According to a new analysis from IHS Markit, the two industries are set to experience rapid change and significant cost and operational impacts, as they must comply with the new regulations by January 2020, as confirmed recently by the International Maritime Organization (IMO).
“While the IMO is taking positive action to address the environmental impacts of air pollution from ships, the rapid change creates significant disruption for both the refining and shipping industries,” Kurt Barrow, vice president of downstream research at IHS Markit, said.
“The two industries are vastly unprepared,” Sandeep Sayal, senior director of refining and marketing research at IHS Markit, said.

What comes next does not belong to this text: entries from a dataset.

(* Let $r\ge 3$ and $1\le s\le r-1$ be integers. Then the automorphism group of the split Praeger-Xu graph $\mathrm{sC}(r,s)$ is $\mathrm{Aut}(\mathrm{sC}(r,s))=H$ (acting on $\mathrm{sC}(r,s)$ as described below), and $H$ acts transitively on $V\mathrm{sC}(r,s)$.
   Context: Praeger-Xu graphs: for $r\ge3$, $s\ge1$, let $V_{r,s}$ be the set of pairs $(x;\varepsilon_0\varepsilon_1\cdots\varepsilon_{s-1})$ with $x\in\mathbb{Z}_r$ and $\varepsilon_i\in\mathbb{Z}_2$; such a pair is identified with the directed walk $(x,\varepsilon_0),(x+1,\varepsilon_1),\dots,(x+s-1,\varepsilon_{s-1})$ in $\mathbb{Z}_r\times\mathbb{Z}_2$. The digraph $\vec{\mathrm{C}}(r,s)$ has vertex set $V_{r,s}$ and arcs from $(x;\varepsilon h)$ to $(x+1;h0)$ and $(x+1;h1)$ for every $\varepsilon\in\mathbb{Z}_2$ and every string $h$ of length $s-1$. $\mathrm{C}(r,s)$ is the underlying undirected ($4$-valent) graph. The partition $\mathcal{S}$ of $E\mathrm{C}(r,s)$ consists of the $4$-cycles $(x;0h)\sim(x+1;h0)\sim(x;1h)\sim(x+1;h1)\sim(x;0h)$, for $x\in\mathbb{Z}_r$ and $h$ a string in $\mathbb{Z}_2$ of length $s-1$. Splitting: for a $4$-valent graph $\Delta$ and a partition $\mathcal{C}$ of $E\Delta$ into cycles, $\mathrm{s}(\Delta,\mathcal{C})$ is the cubic graph with vertex set $\{(\alpha,C)\in V\Delta\times\mathcal{C}:\alpha\in VC\}$, $(\alpha,C)\sim(\beta,D)$ iff either $C\ne D$ and $\alpha=\beta$, or $C=D$ and $\alpha\sim\beta$ in $\Delta$. The split Praeger-Xu graph is $\mathrm{sC}(r,s)=\mathrm{s}(\mathrm{C}(r,s),\mathcal{S})$. The group $H$: let $H\cong C_2\wr D_r$ be the group of permutations of $\mathbb{Z}_r\times\mathbb{Z}_2$ of the form $(x,i)\mapsto(\varphi(x),i+c_x)$ with $\varphi(x)=\pm x+b$ ($b\in\mathbb{Z}_r$) and $(c_x)_{x\in\mathbb{Z}_r}\in\mathbb{Z}_2^{r}$ (generated by the transpositions $\tau_i$ swapping $(i,0),(i,1)$, the rotation $(x,i)\mapsto(x+1,i)$ and the reflection $(x,i)\mapsto(-x,i)$). An element $g\in H$ maps the walk $(x+j,\varepsilon_j)_{0\le j\le s-1}$ to the walk $((x+j,\varepsilon_j)^g)_j$, which is a forward or backward directed walk; reading it in the forward direction gives an element of $V_{r,s}$. This defines a faithful action of $H$ by automorphisms of $\mathrm{C}(r,s)$ that preserves $\mathcal{S}$, hence an action on $\mathrm{sC}(r,s)$ by $(v,C)^g=(v^g,C^g)$. *)

From HB Require Import structures.
From mathcomp Require Import all_boot all_order all_fingroup all_algebra.
Set Implicit Arguments. Unset Strict Implicit. Unset Printing Implicit Defensive.
Import GRing.Theory.
Local Open Scope ring_scope.

(* Z_r is modelled by 'Z_r (the statement assumes 2 < r, so 'Z_r has r elements). *)

Definition PXvert (r s : nat) : finType := ('Z_r * (s.-tuple bool))%type.

(* Arc of the digraph C->(r,s): (x; eps h) -> (x+1; h delta). *)
Definition PXarc (r s : nat) (u v : PXvert r s) : bool :=
  (v.1 == u.1 + 1) && (behead (val u.2) == take s.-1 (val v.2)).

Definition PXadj (r s : nat) (u v : PXvert r s) : bool :=
  PXarc u v || PXarc v u.

(* Vertex set of the 4-cycle (x;0h) ~ (x+1;h0) ~ (x;1h) ~ (x+1;h1) of S,
   indexed by x and the string h of length s-1. *)
Definition PXcycle (r s : nat) (x : 'Z_r) (h : seq bool) : {set PXvert r s} :=
  [set v : PXvert r s | ((v.1 == x) && (behead (val v.2) == h))
                      || ((v.1 == x + 1) && (take s.-1 (val v.2) == h))].

(* The partition S, each 4-cycle being represented by its vertex set. *)
Definition PXcycles (r s : nat) : {set {set PXvert r s}} :=
  [set @PXcycle r s x (val h) | x : 'Z_r, h : (s.-1).-tuple bool].

Definition sPXpred (r s : nat) (p : (PXvert r s * {set PXvert r s})%type) : bool :=
  (p.2 \in PXcycles r s) && (p.1 \in p.2).

Definition sPXvert (r s : nat) : finType :=
  {p : (PXvert r s * {set PXvert r s})%type | sPXpred p}.

Definition sPXadj (r s : nat) (a b : sPXvert r s) : bool :=
  let: (al, C) := val a in let: (be, D) := val b in
  ((C != D) && (al == be)) || ((C == D) && PXadj al be).

(* The group H = C_2 wr D_r as a set of permutations of Z_r x Z_2:
   (x,i) |-> (+-x + b, i + c_x). *)
Definition Hgroup (r : nat) : {set {perm ('Z_r * bool)}} :=
  [set g : {perm ('Z_r * bool)} |
     [exists sg : bool, exists b : 'Z_r, exists c : {ffun 'Z_r -> bool},
        [forall p : ('Z_r * bool)%type,
           g p == ((if sg then - p.1 else p.1) + b, addb p.2 (c p.1))]]].

(* Action on V_{r,s}: map the walk (x+j, eps_j)_j pointwise and read the
   image walk in the forward direction. *)
Definition actV (r s : nat) (g : {perm ('Z_r * bool)}) (v : PXvert r s)
    : PXvert r s :=
  let pts := fun j : nat => g (v.1 + j%:R, nth false (val v.2) j) in
  let forward := (g (1, false)).1 == (g (0, false)).1 + 1 in
  if forward then ((pts 0%N).1, [tuple (pts j).2 | j < s])
  else ((pts s.-1).1, [tuple (pts (s.-1 - j)%N).2 | j < s]).

Definition actP (r s : nat) (g : {perm ('Z_r * bool)})
    (p : (PXvert r s * {set PXvert r s})%type) :=
  (@actV r s g p.1, [set @actV r s g v | v in p.2]).

Definition is_sPXaut (r s : nat) (f : sPXvert r s -> sPXvert r s) : Prop :=
  bijective f /\ forall a b, sPXadj (f a) (f b) = sPXadj a b.

(* Encode a vertex (v, C) of sC(r,s) by the walk v and the side of v in C: C is
   either the 4-cycle of S containing the out-arcs of v or the one containing its
   in-arcs.  The edges of sC(r,s) are then the spokes (v,out)-(v,in) and one edge
   (u,out)-(v,in) for every arc u -> v of C->(r,s).  The spokes are exactly the edges
   lying on no 4-cycle, so an automorphism permutes the spokes and induces a
   permutation F of the walks mapping all arcs forwards, or all of them backwards,
   since the digraph is connected.  Following arcs, an arc-preserving F shifts the
   level by a constant and each bit of a walk at position x + j is flipped by a
   function c of x + j only; composing with the reflection handles the backward
   case.  These maps are precisely those induced by H, and they act transitively on
   the walks, while H can exchange the two sides. *)

From mathcomp Require Import all_boot all_order all_fingroup all_algebra.
From mathcomp Require Import zify.
From mathcomp.algebra_tactics Require Import ring.
Set Implicit Arguments. Unset Strict Implicit. Unset Printing Implicit Defensive.
Import GRing.Theory.

Lemma eq_nthP (T : eqType) (x0 : T) n (p q : seq T) :
  size p = n -> size q = n ->
  reflect (forall j, (j < n)%N -> nth x0 p j = nth x0 q j) (p == q).
Proof.
move=> sp sq; apply: (iffP eqP) => [-> // | E].
by apply: (eq_from_nth (x0 := x0)) => [|j]; rewrite ?sp ?sq // => /E.
Qed.

Section Squares.
Variables (T : finType) (e : rel T).

Definition on_square (a b : T) : bool :=
  [exists c, exists d, [&& e b c, e c d, e d a, c != a & d != b]].

Lemma on_square_sym a b : symmetric e -> on_square a b -> on_square b a.
Proof.
move=> e_sym /existsP [c /existsP [d /and5P [bc cd da ca db]]].
by apply/existsP; exists d; apply/existsP; exists c; rewrite e_sym da e_sym cd e_sym bc db ca.
Qed.

Lemma on_square_homo (h : T -> T) a b : injective h -> {homo h : x y / e x y} ->
  on_square a b -> on_square (h a) (h b).
Proof.
move=> h_inj h_e /existsP [c /existsP [d /and5P [bc cd da ca db]]].
apply/existsP; exists (h c); apply/existsP; exists (h d).
by rewrite (h_e _ _ bc) (h_e _ _ cd) (h_e _ _ da) !(inj_eq h_inj) ca db.
Qed.

Lemma on_square_aut (h : T -> T) a b : bijective h -> {mono h : x y / e x y} ->
  on_square (h a) (h b) = on_square a b.
Proof.
move=> [hi hK hiK] h_e; apply/idP/idP; last exact: on_square_homo (can_inj hK) (mono2W h_e).
have hi_e : {homo hi : x y / e x y} by move=> x y exy; rewrite -h_e !hiK.
by move/(on_square_homo (can_inj hiK) hi_e); rewrite !hK.
Qed.

End Squares.

Section PraegerXu.
Local Open Scope ring_scope.
Variables r s : nat.
Hypotheses (r_gt2 : (2 < r)%N) (s_gt0 : (0 < s)%N) (s_lt_r : (s < r)%N).

Local Notation Z := 'Z_r.
Local Notation V := (PXvert r s).
Local Notation arc := (@PXarc r s).
Local Notation PXcycle := (@PXcycle r s).
Local Notation PXadj := (@PXadj r s).

Lemma val_Zr_nat k : (k < r)%N -> val (k%:R : Z) = k.
Proof. by move=> kr; rewrite -[val _]/(nat_of_ord _) val_Zp_nat ?modn_small //; lia. Qed.

Lemma addrn_neq (x : Z) k : (0 < k < r)%N -> x + k%:R != x.
Proof.
move=> /andP [k_gt0 kr]; rewrite -subr_eq0 addrAC subrr add0r.
by apply/eqP => /(congr1 val); rewrite val_Zr_nat //= => k0; rewrite k0 in k_gt0.
Qed.

Lemma addr1_neq (x : Z) : x + 1 != x.
Proof. by apply: (addrn_neq x (k := 1)); lia. Qed.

“Neither has made the necessary investments for compliance, which means that the 2020 implementation date will result in a scramble. Both industries are taking a wait-and-see approach until firm signals are in place by the IMO for compliance with the regulation,” Sayal added.
Shippers will have several options to meet the new IMO regulations, IHS Markit said. Low-sulfur bunker fuels, primarily for smaller vessels, and liquefied natural gas (LNG), primarily for new builds, will be part of the solution.
However, IHS Markit researchers expect that on-board ship scrubbers, devices that clear harmful pollutants from exhaust gas, will be the primary compliance path for ships, which could continue to burn higher-sulfur fuels.
As ship owners respond to the large-scrubber investment incentives, high-sulfur bunker fuel demand will rebound, although not to prior 2020 levels. Due to increasing demand and addition of debottlenecking capacity for residue conversion, IHS Markit estimates price spreads will moderate within a few years, “but the timing of price recovery will be dependent upon a number of variables.”